• Your goal: Using the records below, locate all lines containing "ring" and return them.

☆ ☆ ☆

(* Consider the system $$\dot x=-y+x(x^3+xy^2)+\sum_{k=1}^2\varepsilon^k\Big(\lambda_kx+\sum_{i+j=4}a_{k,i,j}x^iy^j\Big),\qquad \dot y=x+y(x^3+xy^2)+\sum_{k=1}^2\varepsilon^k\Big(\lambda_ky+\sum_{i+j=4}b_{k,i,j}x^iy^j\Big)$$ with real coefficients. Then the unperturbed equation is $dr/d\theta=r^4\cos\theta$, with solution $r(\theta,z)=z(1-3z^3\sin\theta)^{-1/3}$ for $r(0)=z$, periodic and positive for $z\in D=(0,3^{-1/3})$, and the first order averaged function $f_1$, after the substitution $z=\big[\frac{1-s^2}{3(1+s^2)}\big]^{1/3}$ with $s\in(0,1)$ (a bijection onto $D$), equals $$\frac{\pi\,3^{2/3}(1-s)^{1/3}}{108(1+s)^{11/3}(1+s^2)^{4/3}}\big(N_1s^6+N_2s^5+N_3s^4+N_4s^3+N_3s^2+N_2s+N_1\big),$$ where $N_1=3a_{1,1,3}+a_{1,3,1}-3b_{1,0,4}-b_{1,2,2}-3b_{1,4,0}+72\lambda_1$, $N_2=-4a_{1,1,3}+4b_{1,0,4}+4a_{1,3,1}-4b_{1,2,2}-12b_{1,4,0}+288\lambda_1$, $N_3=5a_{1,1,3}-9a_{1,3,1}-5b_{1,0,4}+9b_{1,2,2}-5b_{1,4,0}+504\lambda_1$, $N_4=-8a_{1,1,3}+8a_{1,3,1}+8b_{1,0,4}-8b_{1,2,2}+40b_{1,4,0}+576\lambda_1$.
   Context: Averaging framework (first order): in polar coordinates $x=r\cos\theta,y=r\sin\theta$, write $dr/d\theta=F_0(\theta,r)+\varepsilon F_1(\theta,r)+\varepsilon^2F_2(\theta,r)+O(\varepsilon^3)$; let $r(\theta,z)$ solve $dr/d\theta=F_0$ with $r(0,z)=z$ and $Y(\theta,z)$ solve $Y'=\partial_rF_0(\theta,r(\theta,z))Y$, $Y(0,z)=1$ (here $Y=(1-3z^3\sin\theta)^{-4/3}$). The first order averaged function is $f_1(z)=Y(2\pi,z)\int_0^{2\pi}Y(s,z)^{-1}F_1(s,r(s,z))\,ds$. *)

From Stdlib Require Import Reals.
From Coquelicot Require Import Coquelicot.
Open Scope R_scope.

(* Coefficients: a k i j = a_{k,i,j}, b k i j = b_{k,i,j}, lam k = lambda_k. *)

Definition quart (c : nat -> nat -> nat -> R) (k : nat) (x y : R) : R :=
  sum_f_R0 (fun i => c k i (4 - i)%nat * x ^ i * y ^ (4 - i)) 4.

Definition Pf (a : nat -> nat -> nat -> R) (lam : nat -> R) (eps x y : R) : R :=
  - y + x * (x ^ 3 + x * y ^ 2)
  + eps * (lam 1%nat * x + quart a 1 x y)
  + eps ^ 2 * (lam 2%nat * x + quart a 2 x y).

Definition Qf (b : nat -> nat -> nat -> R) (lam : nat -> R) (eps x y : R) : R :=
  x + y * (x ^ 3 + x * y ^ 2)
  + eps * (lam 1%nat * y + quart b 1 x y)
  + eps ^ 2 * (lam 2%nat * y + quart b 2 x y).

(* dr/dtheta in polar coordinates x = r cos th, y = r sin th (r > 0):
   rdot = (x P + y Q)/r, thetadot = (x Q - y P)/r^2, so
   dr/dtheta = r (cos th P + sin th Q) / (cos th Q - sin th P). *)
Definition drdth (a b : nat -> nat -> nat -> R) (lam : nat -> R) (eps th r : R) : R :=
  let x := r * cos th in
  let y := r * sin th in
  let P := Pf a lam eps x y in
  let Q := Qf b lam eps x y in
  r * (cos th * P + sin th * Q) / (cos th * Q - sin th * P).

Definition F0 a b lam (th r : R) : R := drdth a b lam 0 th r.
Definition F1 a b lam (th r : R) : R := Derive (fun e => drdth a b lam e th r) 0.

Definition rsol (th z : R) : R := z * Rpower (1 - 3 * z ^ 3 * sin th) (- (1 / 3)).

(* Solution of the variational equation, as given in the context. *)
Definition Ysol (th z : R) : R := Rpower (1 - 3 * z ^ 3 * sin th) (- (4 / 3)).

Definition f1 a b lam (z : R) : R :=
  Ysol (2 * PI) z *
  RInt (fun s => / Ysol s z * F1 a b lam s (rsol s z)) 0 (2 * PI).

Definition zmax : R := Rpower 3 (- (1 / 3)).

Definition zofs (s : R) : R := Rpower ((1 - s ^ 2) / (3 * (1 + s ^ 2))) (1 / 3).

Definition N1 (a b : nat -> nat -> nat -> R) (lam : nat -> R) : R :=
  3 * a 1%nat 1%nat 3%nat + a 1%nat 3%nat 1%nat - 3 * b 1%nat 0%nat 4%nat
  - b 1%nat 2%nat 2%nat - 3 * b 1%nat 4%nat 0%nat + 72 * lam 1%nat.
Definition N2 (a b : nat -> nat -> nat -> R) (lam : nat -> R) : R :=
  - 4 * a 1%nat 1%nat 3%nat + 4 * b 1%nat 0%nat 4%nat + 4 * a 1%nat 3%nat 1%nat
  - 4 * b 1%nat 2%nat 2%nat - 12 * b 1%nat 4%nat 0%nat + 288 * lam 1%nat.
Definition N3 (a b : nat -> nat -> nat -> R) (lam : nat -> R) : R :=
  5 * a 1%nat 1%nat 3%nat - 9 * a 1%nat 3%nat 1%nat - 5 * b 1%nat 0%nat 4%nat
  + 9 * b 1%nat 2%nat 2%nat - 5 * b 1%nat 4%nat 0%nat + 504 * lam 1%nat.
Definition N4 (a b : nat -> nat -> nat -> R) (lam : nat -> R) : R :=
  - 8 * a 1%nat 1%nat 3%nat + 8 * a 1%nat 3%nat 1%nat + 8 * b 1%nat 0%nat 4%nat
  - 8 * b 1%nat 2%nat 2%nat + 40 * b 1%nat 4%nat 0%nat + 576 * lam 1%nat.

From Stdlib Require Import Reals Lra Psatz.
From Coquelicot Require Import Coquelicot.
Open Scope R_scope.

☆ ☆ ☆

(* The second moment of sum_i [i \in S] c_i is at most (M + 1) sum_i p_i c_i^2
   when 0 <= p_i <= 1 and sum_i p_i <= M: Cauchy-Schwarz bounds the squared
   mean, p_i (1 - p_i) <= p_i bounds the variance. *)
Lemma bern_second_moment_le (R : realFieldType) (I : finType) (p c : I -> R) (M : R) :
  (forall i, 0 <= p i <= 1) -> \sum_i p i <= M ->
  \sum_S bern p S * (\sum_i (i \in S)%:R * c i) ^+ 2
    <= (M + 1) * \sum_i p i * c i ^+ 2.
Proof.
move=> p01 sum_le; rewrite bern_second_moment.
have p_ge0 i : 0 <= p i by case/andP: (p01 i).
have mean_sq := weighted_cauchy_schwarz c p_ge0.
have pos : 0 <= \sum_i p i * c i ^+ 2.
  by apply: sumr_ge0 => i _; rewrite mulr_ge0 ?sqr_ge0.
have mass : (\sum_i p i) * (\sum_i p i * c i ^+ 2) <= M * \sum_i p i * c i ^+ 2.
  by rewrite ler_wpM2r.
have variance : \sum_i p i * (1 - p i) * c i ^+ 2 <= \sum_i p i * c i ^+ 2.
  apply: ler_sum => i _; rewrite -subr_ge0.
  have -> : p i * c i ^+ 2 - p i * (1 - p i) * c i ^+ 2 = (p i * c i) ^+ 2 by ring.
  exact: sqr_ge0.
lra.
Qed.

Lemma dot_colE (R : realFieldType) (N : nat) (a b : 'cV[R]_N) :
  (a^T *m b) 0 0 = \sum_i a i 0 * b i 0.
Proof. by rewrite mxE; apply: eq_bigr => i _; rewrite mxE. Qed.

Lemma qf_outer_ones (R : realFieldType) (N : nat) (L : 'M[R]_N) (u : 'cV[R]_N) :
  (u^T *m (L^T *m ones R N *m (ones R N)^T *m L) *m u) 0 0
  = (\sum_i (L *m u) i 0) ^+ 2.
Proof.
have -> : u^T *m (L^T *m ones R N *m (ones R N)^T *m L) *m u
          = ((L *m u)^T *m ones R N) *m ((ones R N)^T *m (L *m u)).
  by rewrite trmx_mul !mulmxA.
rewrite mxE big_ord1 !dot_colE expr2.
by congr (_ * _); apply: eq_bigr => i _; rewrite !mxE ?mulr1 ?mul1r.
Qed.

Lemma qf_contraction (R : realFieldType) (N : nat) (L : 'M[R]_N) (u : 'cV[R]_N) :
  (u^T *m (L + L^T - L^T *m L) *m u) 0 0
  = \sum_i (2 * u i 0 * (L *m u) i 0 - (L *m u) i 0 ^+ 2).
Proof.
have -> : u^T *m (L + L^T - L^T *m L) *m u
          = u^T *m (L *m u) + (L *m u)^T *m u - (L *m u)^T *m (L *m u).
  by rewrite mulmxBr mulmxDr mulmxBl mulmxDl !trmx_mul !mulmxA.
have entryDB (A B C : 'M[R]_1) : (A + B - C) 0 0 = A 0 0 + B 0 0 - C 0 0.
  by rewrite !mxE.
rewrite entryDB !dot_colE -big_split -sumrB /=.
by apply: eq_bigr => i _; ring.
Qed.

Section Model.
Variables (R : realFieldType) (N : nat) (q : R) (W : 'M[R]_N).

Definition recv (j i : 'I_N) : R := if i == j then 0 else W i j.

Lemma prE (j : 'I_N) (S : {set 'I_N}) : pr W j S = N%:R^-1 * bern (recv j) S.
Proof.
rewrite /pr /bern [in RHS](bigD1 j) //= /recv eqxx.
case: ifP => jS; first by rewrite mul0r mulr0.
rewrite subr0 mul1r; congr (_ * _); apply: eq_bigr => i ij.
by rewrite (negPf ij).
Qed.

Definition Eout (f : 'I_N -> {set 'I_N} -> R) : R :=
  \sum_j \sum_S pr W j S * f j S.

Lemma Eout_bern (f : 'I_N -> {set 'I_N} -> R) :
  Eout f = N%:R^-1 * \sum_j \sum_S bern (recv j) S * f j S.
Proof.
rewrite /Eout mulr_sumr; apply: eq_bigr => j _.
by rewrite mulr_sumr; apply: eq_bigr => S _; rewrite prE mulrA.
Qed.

☆ ☆ ☆

• Task answer:
  have -> : p i * c i ^+ 2 - p i * (1 - p i) * c i ^+ 2 = (p i * c i) ^+ 2 by ring.
by apply: eq_bigr => i _; ring.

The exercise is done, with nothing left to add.